FESTIVAL DE PAULÍNIA AJUDA A PRODUZIR. MAS QUEM EXIBE?

Durante a cerimônia de abertura do 3º Paulínia Festival de Cinema, ontem (15) à noite, na cidade homônima, foi exibido um belo vídeo institucional sobre o Pólo de Cinema aqui do município. Como se dizia antigamente, “coisa de cinema”. Belos estúdios, vários projetos, infraestrutura invejável, e um compreensível tom ufanístico. No final do material, o pomposo locutor (se não me falham os ouvidos, o veterano Walker Blaz) anuncia: “Pólo de Cinema de Paulínia – Breve, num cinema perto de você”.

É aí que o bicho pega: QUE cinema perto de você, cara pálida? O cinema brasileiro, que entre trancos e barrancos vem conseguindo resolver seu outrora crônico problema de produção (também graças a Paulínia), não consegue resolver seus gigantescos problemas de distribuição e exibição. Ou talvez não queira. O Brasil conta com irrisórias 2.200 salas de cinema, distribuídas entre apenas 8% dos nossos municípios. O que equivale a dizer que 92% de todos os municípios brasileiros não possuem sequer uma única sala de cinema. Ou seja, para a grande maioria dos brasileiros, não existe o tal “cinema perto de você”. Existe só o Pirata bem pertinho.

Homenageado na noite de ontem, o cineasta Hector Babenco (foto) exemplificou o problema em números: “Conversando com o prefeito de Paulínia, fiquei sabendo que a cidade tem 80 mil habitantes e este é o único cinema daqui. Quando eu era jovem, minha cidade tinha 140 mil habitantes e 14 salas de exibição”.
Como criar uma cultura cinematográfica desta maneira? Produzindo sem exibir? Alguém consegue imaginar a Fiat feliz da vida por produzir milhares de automóveis e os deixando enferrujar nos pátios?

Mas voltemos à abertura do Festival: estranhamente simpático e comunicativo, Hector Babenco foi homenageado na noite de abertura do evento, onde foi exibida uma cópia nova de “O Beijo da Mulher Aranha”, que completa 25 anos. Bem humorado, afirmou que faz cinema por não saber fazer outra coisa na vida. “Houve um momento em que cheguei a ter três relógios despertadores por não conseguir trocar as pilhas deles”, disse. E se mostrou positivamente espantado pela leveza e pela rapidez com que os filmes são feitos atualmente no Brasil, relembrando as dificuldades técnicas que teve para realizar seu “O Beijo…”.
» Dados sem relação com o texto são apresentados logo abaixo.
Lemma integral_truncate_dist L (f : Om -> R) : one_Lipschitz f ->
  `|\int[P]_x f x - \int[P]_x f (truncate L x)| <= 2^-1 ^+ L.
Proof.
move=> lf; have if_ := lipschitz_integrable lf.
have ift := lipschitz_integrable (lipschitz_truncate L lf).
have idiff : P.-integrable setT (EFin \o (fun x => f x - f (truncate L x))).
  have -> : EFin \o (fun x => f x - f (truncate L x)) =
            ((EFin \o f) \- (EFin \o (f \o truncate L)))%E.
    by apply/funext => x /=; rewrite EFinB.
  exact: integrableB.
rewrite -RintegralB //; apply: le_trans (le_normr_Rintegral _ idiff) _ => //.
apply: le_trans (@le_Rintegral _ _ _ P setT _ (cst (2^-1 ^+ L)) _ _ _ _) _ => //.
- exact: integrable_norm.
- exact: finite_measure_integrable_cst.
- by move=> x _; exact: le_trans (lf x (truncate L x)) (dOmega_truncate L x).
by rewrite Rintegral_cst // [X in fine X]probability_setT mulr1.
Qed.

End Truncation.

Lemma dMK_le_cyl (R : realType) (n : nat) (P Q : probability (Omega R n) R) L :
  dMK P Q <= 2 * 2^-1 ^+ L +
    \sum_(w : L.-tuple (sym n)) `|fine (P (cyl w)) - fine (Q (cyl w))|.
Proof.
apply: ge_sup.
  exists (fine (\int[P]_x (cst 0 x)%:E) - fine (\int[Q]_x (cst 0 x)%:E)).
  by exists (cst 0) => // x y; rewrite subrr normr0 dOmega_ge0.
move=> _ [f lf ->]; set S := \sum_(w : L.-tuple (sym n)) _.
change (\int[P]_x f x - \int[Q]_x f x <= 2 * 2^-1 ^+ L + S).
have := integral_truncate_dist P L lf; have := integral_truncate_dist Q L lf.
have : `|\int[P]_x f (truncate L x) - \int[Q]_x f (truncate L x)| <= S.
  rewrite !(integral_wordof _ (fun w => f (padw R w))).
  apply: (norm_sum_mulB_le (a0 := f point)); last by rewrite !sum_prob_cyl.
  by move=> w; apply: le_trans (lf _ _) (dOmega_le1 _ _).
rewrite !ler_norml => /andP[? ?] /andP[? ?] /andP[? ?].
have : 0 <= S by apply: sumr_ge0.
lra.
Qed.

Section UniformIndex.
Variable R : realType.
Local Notation RT := (measurableTypeR R).

Definition unif01 : probability RT R := uniform_prob (@ltr01 R).

Definition bucket (N : nat) (t : R) : nat := truncn (t * N%:R).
Na excelente projeção do Theatro (assim mesmo, com “th”) Municipal de Paulínia, “O Beijo da Mulher Aranha” provou que resiste no tempo. Mesmo após um quarto de século, a obra de Babenco continua vigorosa e emocionante. Confesso que até bem pouco tempo atrás, achava que o filme fosse uma coprodução entre Brasil e EUA. Foi seu produtor, Francisco Ramalho Jr., quem me relatou a história toda, e me informou se tratar de um filme 100% brasileiro. Trata-se então, oficialmente, o primeiro prêmio Oscar recebido por uma produção nacional, já que na época William Hurt levou a estatueta de ator. Mais informações podem ser lidas no livro “Éramos Apenas Paulistas – A Biografia de Francisco Ramalho Jr.”, editado pela Imprensa Oficial.

Feito o merchandising, vale dizer que Paulínia começa com a expectativa de só apresentar filmes inéditos em sua programação competitiva, transformando-se numa generosa vitrine do cinema brasileiro. Afinal, este é o único Festival do país que não só mostra e premia filmes, como também os produz.

Resta agora ao empresariado brasileiro investir em mais, muito mais, em salas de cinema, para atingir a imensa parcela da população que só vê filmes na TV ou no DVD.

Celso Sabadin viajou a Paulínia a convite dos organizadores do evento.